● About this task
Keep only those lines of the records that include the string "nnegrE".

= Beginning of Section =

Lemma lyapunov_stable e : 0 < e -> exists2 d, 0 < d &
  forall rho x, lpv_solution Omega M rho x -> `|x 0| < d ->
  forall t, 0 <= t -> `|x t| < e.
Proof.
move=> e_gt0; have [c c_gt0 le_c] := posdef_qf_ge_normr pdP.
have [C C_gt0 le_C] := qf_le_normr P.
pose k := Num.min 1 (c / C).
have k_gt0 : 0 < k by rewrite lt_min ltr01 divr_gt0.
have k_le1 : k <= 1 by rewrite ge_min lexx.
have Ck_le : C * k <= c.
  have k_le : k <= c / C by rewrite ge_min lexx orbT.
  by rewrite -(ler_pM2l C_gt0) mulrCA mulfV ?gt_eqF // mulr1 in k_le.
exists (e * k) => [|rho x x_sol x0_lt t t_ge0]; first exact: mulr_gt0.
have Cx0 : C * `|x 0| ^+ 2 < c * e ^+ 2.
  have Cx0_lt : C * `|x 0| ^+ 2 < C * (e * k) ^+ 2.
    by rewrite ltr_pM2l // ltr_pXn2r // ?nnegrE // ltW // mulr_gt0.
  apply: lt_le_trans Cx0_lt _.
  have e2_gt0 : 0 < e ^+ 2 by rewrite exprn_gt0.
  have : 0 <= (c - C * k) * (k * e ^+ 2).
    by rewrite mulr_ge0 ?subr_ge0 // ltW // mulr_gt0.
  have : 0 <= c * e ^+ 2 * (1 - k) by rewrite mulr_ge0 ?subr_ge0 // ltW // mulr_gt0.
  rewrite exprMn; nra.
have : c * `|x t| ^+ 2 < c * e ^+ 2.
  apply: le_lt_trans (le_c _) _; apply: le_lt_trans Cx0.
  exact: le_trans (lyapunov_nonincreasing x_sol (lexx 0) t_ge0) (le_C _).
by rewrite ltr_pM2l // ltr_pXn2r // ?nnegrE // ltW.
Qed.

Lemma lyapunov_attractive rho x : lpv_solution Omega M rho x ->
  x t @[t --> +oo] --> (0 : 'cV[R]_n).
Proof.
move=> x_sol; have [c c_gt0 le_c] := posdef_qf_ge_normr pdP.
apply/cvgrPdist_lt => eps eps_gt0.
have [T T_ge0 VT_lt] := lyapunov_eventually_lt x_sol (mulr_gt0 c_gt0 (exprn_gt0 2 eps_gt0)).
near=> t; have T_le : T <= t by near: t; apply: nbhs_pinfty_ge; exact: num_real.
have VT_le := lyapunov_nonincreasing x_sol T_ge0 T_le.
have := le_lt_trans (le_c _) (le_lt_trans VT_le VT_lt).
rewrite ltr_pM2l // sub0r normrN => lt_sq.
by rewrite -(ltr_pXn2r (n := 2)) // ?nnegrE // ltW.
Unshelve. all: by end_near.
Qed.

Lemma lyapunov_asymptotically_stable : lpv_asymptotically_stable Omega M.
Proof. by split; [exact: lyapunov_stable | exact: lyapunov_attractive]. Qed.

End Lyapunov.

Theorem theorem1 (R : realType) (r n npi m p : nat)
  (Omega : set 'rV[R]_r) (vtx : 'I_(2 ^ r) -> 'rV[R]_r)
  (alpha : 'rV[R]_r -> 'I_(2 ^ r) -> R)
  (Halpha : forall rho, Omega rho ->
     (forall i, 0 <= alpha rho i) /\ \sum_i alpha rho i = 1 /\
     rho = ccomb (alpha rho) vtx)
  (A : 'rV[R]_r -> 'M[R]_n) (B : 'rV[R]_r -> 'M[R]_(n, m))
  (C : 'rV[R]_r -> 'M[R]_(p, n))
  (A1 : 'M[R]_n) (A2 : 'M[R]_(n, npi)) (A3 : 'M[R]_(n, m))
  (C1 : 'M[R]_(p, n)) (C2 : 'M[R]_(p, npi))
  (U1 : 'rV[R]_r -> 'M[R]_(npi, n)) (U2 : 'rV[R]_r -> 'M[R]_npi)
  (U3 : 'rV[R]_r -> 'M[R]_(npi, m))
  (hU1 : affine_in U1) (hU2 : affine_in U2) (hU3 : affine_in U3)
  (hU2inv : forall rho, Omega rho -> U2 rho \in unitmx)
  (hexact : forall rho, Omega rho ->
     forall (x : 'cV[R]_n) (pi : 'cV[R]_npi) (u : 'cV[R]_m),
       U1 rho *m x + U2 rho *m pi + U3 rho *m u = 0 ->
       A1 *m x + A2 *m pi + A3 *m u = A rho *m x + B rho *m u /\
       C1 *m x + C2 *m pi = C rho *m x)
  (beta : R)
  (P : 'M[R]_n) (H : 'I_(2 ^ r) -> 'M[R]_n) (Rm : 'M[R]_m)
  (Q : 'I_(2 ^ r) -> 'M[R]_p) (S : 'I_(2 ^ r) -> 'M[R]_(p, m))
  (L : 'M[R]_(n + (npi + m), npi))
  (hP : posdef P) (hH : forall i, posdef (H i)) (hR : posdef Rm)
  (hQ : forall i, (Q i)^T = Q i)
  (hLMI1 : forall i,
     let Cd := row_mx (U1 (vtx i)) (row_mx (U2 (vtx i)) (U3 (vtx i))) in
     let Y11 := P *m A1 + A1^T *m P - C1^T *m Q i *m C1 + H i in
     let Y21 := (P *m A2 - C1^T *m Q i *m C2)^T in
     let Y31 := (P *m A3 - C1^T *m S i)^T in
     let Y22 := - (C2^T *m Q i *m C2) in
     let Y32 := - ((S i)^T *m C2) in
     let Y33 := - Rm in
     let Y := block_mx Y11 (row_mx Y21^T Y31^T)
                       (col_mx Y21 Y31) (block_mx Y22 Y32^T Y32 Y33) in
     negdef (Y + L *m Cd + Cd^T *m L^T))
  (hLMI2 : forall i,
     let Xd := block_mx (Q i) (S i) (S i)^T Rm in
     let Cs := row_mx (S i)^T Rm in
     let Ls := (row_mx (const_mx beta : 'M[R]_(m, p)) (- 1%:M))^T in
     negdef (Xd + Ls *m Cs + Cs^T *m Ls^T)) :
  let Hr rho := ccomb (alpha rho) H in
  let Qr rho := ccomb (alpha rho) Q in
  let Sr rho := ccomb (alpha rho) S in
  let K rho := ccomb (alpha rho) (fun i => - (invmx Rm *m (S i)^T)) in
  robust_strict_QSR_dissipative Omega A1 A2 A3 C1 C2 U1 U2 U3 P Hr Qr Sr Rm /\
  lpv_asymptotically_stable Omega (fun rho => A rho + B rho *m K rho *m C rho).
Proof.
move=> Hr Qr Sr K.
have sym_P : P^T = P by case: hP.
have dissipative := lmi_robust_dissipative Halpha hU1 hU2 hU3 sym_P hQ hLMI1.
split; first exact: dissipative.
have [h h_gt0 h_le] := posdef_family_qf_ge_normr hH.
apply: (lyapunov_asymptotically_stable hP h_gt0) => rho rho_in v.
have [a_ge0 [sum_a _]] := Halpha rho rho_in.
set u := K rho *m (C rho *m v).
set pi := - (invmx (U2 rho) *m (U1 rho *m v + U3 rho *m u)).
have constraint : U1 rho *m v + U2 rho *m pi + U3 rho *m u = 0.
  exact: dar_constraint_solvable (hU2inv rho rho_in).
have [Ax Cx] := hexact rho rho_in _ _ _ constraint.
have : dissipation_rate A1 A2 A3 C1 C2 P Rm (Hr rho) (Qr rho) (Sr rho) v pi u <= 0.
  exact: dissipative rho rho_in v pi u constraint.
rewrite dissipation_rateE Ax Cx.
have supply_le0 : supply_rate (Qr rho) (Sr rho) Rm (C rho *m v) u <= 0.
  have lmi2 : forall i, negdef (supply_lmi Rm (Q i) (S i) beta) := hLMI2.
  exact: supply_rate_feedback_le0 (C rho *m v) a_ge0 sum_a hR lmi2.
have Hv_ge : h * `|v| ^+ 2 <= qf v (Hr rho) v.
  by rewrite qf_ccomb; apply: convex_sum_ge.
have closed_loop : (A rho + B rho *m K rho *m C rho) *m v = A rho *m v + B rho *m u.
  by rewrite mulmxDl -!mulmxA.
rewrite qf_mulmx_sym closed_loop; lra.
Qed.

= End of Section =

● Exercise answer
    by rewrite ltr_pM2l // ltr_pXn2r // ?nnegrE // ltW // mulr_gt0.
by rewrite ltr_pM2l // ltr_pXn2r // ?nnegrE // ltW.
by rewrite -(ltr_pXn2r (n := 2)) // ?nnegrE // ltW.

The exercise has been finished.